◆ **ACTIVITY**
Repeat nothing but the lines below running from the one containing "n m, and a nonincreasing" to the one containing "Variables (R : realType)". Keep both end lines.

◆ **MATERIAL PROVIDED**
(* Let $(\mathbf x_1,y_1),\dots,(\mathbf x_n,y_n)$ be observations with $y_i\in\mathbb R$ and $\mathbf x_i\in\mathbb R^p$. Let $H$ be a set of real-valued functions on $\mathbb R^p$ (base learners) and let $$\Omega=\{(f(\mathbf x_1),\dots,f(\mathbf x_n))^\top : f\in \operatorname{span}(H)\}\subseteq\mathbb R^n .$$ Let $s(y,f)$ be a loss such that for each $y$ the map $f\mapsto s(y,f)$ is convex on $\mathbb R$, and let $g$ be a function such that $\ell=g\circ s$ belongs to the CC-family (see context); assume in addition that $g$ is bounded below on its domain. For $\mathbf f=(f_1,\dots,f_n)^\top\in\Omega$ put $$\rho(\mathbf f)=\sum_{i=1}^n g\bigl(s(y_i,f_i)\bigr).$$ Given a starting point $\mathbf f^{(0)}\in\Omega$, generate $\mathbf f^{(1)},\mathbf f^{(2)},\dots$ as follows: for $k=1,2,\dots$, 1. compute $z_i=s(y_i,f^{(k-1)}_i)$, $i=1,\dots,n$; 2. choose $v_i^{(k)}\in\partial(-g)(z_i)$, $i=1,\dots,n$ (the subdifferential of the convex function $-g$ at $z_i$); 3. set $\mathbf f^{(k)}\in\arg\min_{\mathbf f\in\Omega}\sum_{i=1}^n s(y_i,f_i)\,(-v_i^{(k)})$ (a minimizer is assumed to exist at every step). Then the sequence $\rho(\mathbf f^{(k)})$, $k=0,1,2,\dots$, is nonincreasing and converges.
   Context: CC-family (concave convex family): a loss $\ell=g\circ s$, i.e. $\ell(y,f)=g(s(y,f))$, where (i) $g$ is a nondecreasing closed concave function whose domain contains the range of $s$; (ii) for every $z$ in the range of $s$, the subdifferential $\partial(-g)(z)$ is nonempty and bounded; (iii) $s$ is convex (in its second argument $f$). Here $\partial(-g)(z)$ denotes the subdifferential of the convex function $-g$ at $z$, which equals $\{-g'(z)\}$ when $g$ is differentiable at $z$. Examples of $g$ include $g(z)=\min(\sigma,z)$ and $g(z)=\sigma^2(1-\exp(-z/\sigma^2))$ for $z\ge 0$, $\sigma>0$; examples of $s$ include the squared loss and negative log-likelihoods of exponential-family models. *)

From mathcomp Require Import all_boot all_order all_algebra.
From mathcomp Require Import all_classical all_reals all_analysis.
Set Implicit Arguments. Unset Strict Implicit. Unset Printing Implicit Defensive.
Import Order.TTheory GRing.Theory Num.Theory.
Import numFieldNormedType.Exports.
Local Open Scope classical_set_scope.
Local Open Scope ring_scope.

Section Defs.
Variable R : realType.

Definition convex_dom (D : set R) : Prop :=
  forall x y t, D x -> D y -> 0 <= t <= 1 -> D (t * x + (1 - t) * y).

Definition concave_on (D : set R) (g : R -> R) : Prop :=
  convex_dom D /\
  forall x y t, D x -> D y -> 0 <= t <= 1 ->
    t * g x + (1 - t) * g y <= g (t * x + (1 - t) * y).

Definition nondecreasing_on (D : set R) (g : R -> R) : Prop :=
  forall x y, D x -> D y -> x <= y -> g x <= g y.

(* closed concave: the hypograph {(z,t) | z in D, t <= g z} is closed
   (g is viewed as -oo outside D) *)
Definition closed_hypo (D : set R) (g : R -> R) : Prop :=
  closed [set zt : R * R | D zt.1 /\ zt.2 <= g zt.1].

(* subdifferential of the convex function -g (= +oo outside D) at z *)
Definition subdiff_neg (D : set R) (g : R -> R) (z : R) : set R :=
  [set v | forall w, D w -> - g z + v * (w - z) <= - g w].

Definition convex_fun (h : R -> R) : Prop :=
  forall x y t, 0 <= t <= 1 -> h (t * x + (1 - t) * y) <= t * h x + (1 - t) * h y.

Definition CC_family (D : set R) (g : R -> R) (s : R -> R -> R) : Prop :=
  [/\ concave_on D g, nondecreasing_on D g, closed_hypo D g,
      (forall y f, D (s y f)) /\
      (forall y f, let z := s y f in
         (exists v, subdiff_neg D g z v) /\
         (exists M, forall v, subdiff_neg D g z v -> `|v| <= M)) &
      (forall y, convex_fun (s y))].

Definition in_span (p : nat) (H : set ('rV[R]_p -> R)) (f : 'rV[R]_p -> R) : Prop :=
  exists (m : nat) (c : 'I_m -> R) (h : 'I_m -> 'rV[R]_p -> R),
    (forall j, H (h j)) /\ f = (fun x => \sum_(j < m) c j * h j x).

Definition Omega (n p : nat) (x : 'I_n -> 'rV[R]_p) (H : set ('rV[R]_p -> R)) :
  set ('I_n -> R) :=
  [set fv | exists f, in_span H f /\ forall i, fv i = f (x i)].

Definition rho (n : nat) (g : R -> R) (s : R -> R -> R) (y : 'I_n -> R)
  (fv : 'I_n -> R) : R := \sum_(i < n) g (s (y i) (fv i)).

End Defs.

From mathcomp Require Import all_boot all_order all_algebra.
From mathcomp Require Import all_classical all_reals all_analysis.
From mathcomp Require Import lra.
Set Implicit Arguments. Unset Strict Implicit. Unset Printing Implicit Defensive.
Import Order.TTheory GRing.Theory Num.Theory.
Import numFieldNormedType.Exports.
Local Open Scope classical_set_scope.
Local Open Scope ring_scope.

(* The iteration is a majorization-minimization scheme.  If v is a
   subgradient of -g at z, concavity of g gives the linear majorant
   g w <= g z - v (w - z) for every w in the domain.  Summing these majorants
   at z_i = s(y_i, f_i) bounds rho(f') by rho(f) plus the change of the
   weighted objective sum_i s(y_i, .) (-v_i), which the minimization step
   makes nonpositive when f = F k and f' = F (k+1): hence rho(F k) is
   nonincreasing.  Since g is bounded below by m, rho is bounded below by
   n m, and a nonincreasing sequence bounded below converges.
   Only the facts that s takes values in the domain of g and that the v_i
   are subgradients are used from the CC-family assumptions. *)

Section MajorizeMinimize.
Variables (R : realType) (n : nat) (D : set R) (g : R -> R) (s : R -> R -> R).
Variable y : 'I_n -> R.

Lemma subdiff_neg_majorant (z u w : R) :
  subdiff_neg D g z u -> D w -> g w <= g z - u * (w - z).
Proof. by move=> /(_ w) hu /hu; lra. Qed.

Lemma rho_majorant (f' f v : 'I_n -> R) :
  (forall y0 t, D (s y0 t)) ->
  (forall i, subdiff_neg D g (s (y i) (f i)) (v i)) ->
  rho g s y f' <= rho g s y f +
    (\sum_(i < n) s (y i) (f' i) * (- v i) - \sum_(i < n) s (y i) (f i) * (- v i)).
Proof.
move=> sD hv; rewrite /rho -sumrB -big_split /=; apply: ler_sum => i _.
have := subdiff_neg_majorant (hv i) (sD (y i) (f' i)); lra.
Qed.

Lemma rho_lower_bound (m : R) (f : 'I_n -> R) :
  (forall y0 t, D (s y0 t)) -> (forall z, D z -> m <= g z) ->
  m *+ n <= rho g s y f.
Proof.
move=> sD hm; rewrite /rho -[X in m *+ X](card_ord n) -sumr_const.
by apply: ler_sum => i _; apply: hm.
Qed.

End MajorizeMinimize.

Theorem theorem1 (R : realType) (n p : nat) (x : 'I_n -> 'rV[R]_p) (y : 'I_n -> R)
  (H : set ('rV[R]_p -> R)) (D : set R) (g : R -> R) (s : R -> R -> R)
  (F : nat -> 'I_n -> R) (v : nat -> 'I_n -> R) :
  CC_family D g s ->
  (exists m : R, forall z, D z -> m <= g z) ->
  Omega x H (F 0%N) ->
  (forall k i, subdiff_neg D g (s (y i) (F k i)) (v k.+1 i)) ->
  (forall k, Omega x H (F k.+1) /\
     forall fv, Omega x H fv ->
       \sum_(i < n) s (y i) (F k.+1 i) * (- v k.+1 i)
       <= \sum_(i < n) s (y i) (fv i) * (- v k.+1 i)) ->
  (forall k, rho g s y (F k.+1) <= rho g s y (F k)) /\
  cvg ((fun k => rho g s y (F k)) @ \oo).
Proof.
move=> [_ _ _ [sD _] _] [m hm] hF0 hsub hmin.
(* Every iterate is feasible, so F k competes in the (k+1)-th minimization. *)
have feasible k : Omega x H (F k) by case: k => [|k] //; case: (hmin k).
have decrease k : rho g s y (F k.+1) <= rho g s y (F k).
  have descent := (hmin k).2 _ (feasible k).
  apply: le_trans (rho_majorant (F k.+1) sD (hsub k)) _.
  by rewrite gerDl subr_le0.
split=> //; apply: nonincreasing_is_cvgn.
  exact/nonincreasing_seqP.
by exists (m *+ n) => _ [k _ <-]; apply: rho_lower_bound sD hm.
Qed.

◆ **ANSWER BOX**
   n m, and a nonincreasing sequence bounded below converges.
   Only the facts that s takes values in the domain of g and that the v_i
   are subgradients are used from the CC-family assumptions. *)

Section MajorizeMinimize.
Variables (R : realType) (n : nat) (D : set R) (g : R -> R) (s : R -> R -> R).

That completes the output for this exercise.